Stored items
————
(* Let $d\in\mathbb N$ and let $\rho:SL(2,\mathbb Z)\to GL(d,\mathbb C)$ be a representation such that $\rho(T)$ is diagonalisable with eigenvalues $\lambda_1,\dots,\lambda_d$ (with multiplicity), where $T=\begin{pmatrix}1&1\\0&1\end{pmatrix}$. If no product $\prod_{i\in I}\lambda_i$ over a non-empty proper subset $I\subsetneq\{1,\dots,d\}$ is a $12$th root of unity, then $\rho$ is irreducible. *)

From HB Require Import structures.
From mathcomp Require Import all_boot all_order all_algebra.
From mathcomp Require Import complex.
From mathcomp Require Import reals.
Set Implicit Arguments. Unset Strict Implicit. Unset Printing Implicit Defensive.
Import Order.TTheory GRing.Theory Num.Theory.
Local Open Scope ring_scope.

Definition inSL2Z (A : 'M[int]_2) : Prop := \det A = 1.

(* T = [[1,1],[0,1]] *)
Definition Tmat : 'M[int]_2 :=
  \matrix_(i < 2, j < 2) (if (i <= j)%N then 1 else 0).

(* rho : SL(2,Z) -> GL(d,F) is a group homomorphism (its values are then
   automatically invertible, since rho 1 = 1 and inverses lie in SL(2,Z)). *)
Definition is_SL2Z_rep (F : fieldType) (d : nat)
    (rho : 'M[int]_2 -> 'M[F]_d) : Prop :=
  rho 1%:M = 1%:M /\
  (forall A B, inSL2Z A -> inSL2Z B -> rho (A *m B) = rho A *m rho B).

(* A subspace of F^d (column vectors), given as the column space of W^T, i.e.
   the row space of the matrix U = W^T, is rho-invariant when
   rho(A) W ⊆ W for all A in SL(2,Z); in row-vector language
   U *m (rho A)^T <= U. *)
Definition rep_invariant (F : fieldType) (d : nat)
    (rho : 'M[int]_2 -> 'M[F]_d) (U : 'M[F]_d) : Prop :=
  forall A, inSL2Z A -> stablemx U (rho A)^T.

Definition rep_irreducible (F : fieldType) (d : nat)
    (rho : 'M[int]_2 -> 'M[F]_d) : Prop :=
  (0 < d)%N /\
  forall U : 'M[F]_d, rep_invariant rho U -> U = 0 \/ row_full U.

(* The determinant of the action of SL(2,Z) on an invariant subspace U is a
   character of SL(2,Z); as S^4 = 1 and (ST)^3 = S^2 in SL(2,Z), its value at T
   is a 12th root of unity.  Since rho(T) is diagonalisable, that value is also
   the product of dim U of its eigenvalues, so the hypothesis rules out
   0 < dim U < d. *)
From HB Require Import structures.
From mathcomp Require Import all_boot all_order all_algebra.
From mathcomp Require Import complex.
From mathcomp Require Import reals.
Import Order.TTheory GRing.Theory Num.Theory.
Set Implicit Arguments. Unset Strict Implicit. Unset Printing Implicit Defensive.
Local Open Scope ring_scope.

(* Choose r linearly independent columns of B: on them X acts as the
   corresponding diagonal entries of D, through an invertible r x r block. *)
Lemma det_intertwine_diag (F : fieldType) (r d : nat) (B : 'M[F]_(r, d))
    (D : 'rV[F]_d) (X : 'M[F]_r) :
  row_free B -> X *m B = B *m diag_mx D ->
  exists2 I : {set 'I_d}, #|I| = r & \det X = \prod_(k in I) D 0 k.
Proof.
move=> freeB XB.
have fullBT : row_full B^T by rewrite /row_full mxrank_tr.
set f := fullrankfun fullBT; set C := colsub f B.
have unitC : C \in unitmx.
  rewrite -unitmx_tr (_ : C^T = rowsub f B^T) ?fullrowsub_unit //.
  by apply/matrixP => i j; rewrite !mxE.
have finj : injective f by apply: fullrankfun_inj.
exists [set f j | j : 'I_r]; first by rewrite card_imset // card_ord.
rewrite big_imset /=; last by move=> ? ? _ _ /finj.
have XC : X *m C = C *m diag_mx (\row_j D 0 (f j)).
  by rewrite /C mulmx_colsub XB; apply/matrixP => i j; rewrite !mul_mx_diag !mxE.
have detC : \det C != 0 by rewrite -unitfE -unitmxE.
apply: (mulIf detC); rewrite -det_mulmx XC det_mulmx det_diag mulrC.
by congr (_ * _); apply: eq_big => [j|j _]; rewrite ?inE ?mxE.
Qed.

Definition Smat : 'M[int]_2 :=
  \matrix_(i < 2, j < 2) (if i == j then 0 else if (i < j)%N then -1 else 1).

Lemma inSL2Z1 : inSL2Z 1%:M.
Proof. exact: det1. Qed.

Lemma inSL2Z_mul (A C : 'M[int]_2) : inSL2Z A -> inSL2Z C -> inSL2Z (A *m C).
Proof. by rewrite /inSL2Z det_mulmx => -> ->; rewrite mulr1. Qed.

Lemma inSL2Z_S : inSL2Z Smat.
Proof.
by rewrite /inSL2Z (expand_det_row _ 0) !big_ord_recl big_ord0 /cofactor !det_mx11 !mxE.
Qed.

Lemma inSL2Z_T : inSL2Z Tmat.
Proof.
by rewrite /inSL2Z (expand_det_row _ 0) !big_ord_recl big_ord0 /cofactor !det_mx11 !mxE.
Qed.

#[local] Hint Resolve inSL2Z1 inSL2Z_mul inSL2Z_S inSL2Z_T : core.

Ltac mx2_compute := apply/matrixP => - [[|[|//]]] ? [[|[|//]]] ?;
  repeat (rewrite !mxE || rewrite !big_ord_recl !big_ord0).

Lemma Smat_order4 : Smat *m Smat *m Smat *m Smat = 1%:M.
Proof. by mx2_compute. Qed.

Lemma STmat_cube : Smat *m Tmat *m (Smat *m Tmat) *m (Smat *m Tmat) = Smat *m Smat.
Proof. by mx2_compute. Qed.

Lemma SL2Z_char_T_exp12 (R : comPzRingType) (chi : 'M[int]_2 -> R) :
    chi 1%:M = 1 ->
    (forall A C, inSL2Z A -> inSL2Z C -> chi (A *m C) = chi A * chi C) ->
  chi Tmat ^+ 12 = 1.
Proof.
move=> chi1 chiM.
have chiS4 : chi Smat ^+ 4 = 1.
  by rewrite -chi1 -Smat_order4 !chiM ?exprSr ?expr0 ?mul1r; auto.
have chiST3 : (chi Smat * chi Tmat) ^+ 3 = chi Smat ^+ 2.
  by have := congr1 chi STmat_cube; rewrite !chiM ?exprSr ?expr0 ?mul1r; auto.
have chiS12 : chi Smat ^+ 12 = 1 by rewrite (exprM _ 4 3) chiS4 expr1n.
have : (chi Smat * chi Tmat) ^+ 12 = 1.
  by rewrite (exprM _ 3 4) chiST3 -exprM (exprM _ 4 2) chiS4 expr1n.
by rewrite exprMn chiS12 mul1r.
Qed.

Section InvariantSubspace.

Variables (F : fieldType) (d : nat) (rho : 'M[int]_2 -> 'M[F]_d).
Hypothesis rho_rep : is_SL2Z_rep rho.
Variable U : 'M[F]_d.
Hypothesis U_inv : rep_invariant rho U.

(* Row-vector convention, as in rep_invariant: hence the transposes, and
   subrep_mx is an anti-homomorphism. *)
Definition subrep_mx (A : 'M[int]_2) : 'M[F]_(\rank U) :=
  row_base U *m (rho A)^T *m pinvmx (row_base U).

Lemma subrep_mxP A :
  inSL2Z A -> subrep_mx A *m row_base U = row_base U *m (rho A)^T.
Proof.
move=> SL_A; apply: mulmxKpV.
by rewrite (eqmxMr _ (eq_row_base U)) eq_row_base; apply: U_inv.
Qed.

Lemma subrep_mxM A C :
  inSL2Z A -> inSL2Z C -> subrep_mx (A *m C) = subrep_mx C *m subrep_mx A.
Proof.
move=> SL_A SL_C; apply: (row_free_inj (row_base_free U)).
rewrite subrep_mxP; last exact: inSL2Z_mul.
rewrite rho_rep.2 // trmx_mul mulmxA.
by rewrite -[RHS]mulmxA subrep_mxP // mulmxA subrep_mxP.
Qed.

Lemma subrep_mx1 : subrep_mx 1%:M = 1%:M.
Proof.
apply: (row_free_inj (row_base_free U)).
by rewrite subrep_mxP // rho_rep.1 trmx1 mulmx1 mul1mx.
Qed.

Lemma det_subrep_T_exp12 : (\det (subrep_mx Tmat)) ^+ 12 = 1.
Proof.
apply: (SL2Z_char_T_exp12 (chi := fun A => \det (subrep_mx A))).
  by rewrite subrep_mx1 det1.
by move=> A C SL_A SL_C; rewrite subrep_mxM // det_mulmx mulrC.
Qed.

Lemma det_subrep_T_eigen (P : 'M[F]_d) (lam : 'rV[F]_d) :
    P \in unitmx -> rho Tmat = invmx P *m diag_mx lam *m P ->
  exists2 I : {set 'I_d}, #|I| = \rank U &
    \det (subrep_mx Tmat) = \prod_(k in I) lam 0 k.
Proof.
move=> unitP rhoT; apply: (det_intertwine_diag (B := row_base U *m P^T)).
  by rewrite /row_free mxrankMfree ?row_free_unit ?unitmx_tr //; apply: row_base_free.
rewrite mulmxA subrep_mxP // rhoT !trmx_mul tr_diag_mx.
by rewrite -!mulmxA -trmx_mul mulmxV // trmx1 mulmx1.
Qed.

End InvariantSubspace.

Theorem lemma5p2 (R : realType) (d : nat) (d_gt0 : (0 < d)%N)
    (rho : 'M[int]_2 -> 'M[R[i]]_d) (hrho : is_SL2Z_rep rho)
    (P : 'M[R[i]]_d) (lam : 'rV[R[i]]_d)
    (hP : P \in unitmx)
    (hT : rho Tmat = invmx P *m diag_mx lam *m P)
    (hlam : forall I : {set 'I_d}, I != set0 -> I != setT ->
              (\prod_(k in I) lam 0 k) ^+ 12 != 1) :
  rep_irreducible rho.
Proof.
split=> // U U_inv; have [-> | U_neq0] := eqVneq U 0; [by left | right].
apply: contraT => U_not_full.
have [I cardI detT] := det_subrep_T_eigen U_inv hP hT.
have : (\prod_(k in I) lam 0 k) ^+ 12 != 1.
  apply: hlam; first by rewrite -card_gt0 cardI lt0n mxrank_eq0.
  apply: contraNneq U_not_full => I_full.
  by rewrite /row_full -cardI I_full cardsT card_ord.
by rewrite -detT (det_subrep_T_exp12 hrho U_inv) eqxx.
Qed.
————
Extract each line from the entries above that contains the string "rhoT".

move=> unitP rhoT; apply: (det_intertwine_diag (B := row_base U *m P^T)).
rewrite mulmxA subrep_mxP // rhoT !trmx_mul tr_diag_mx.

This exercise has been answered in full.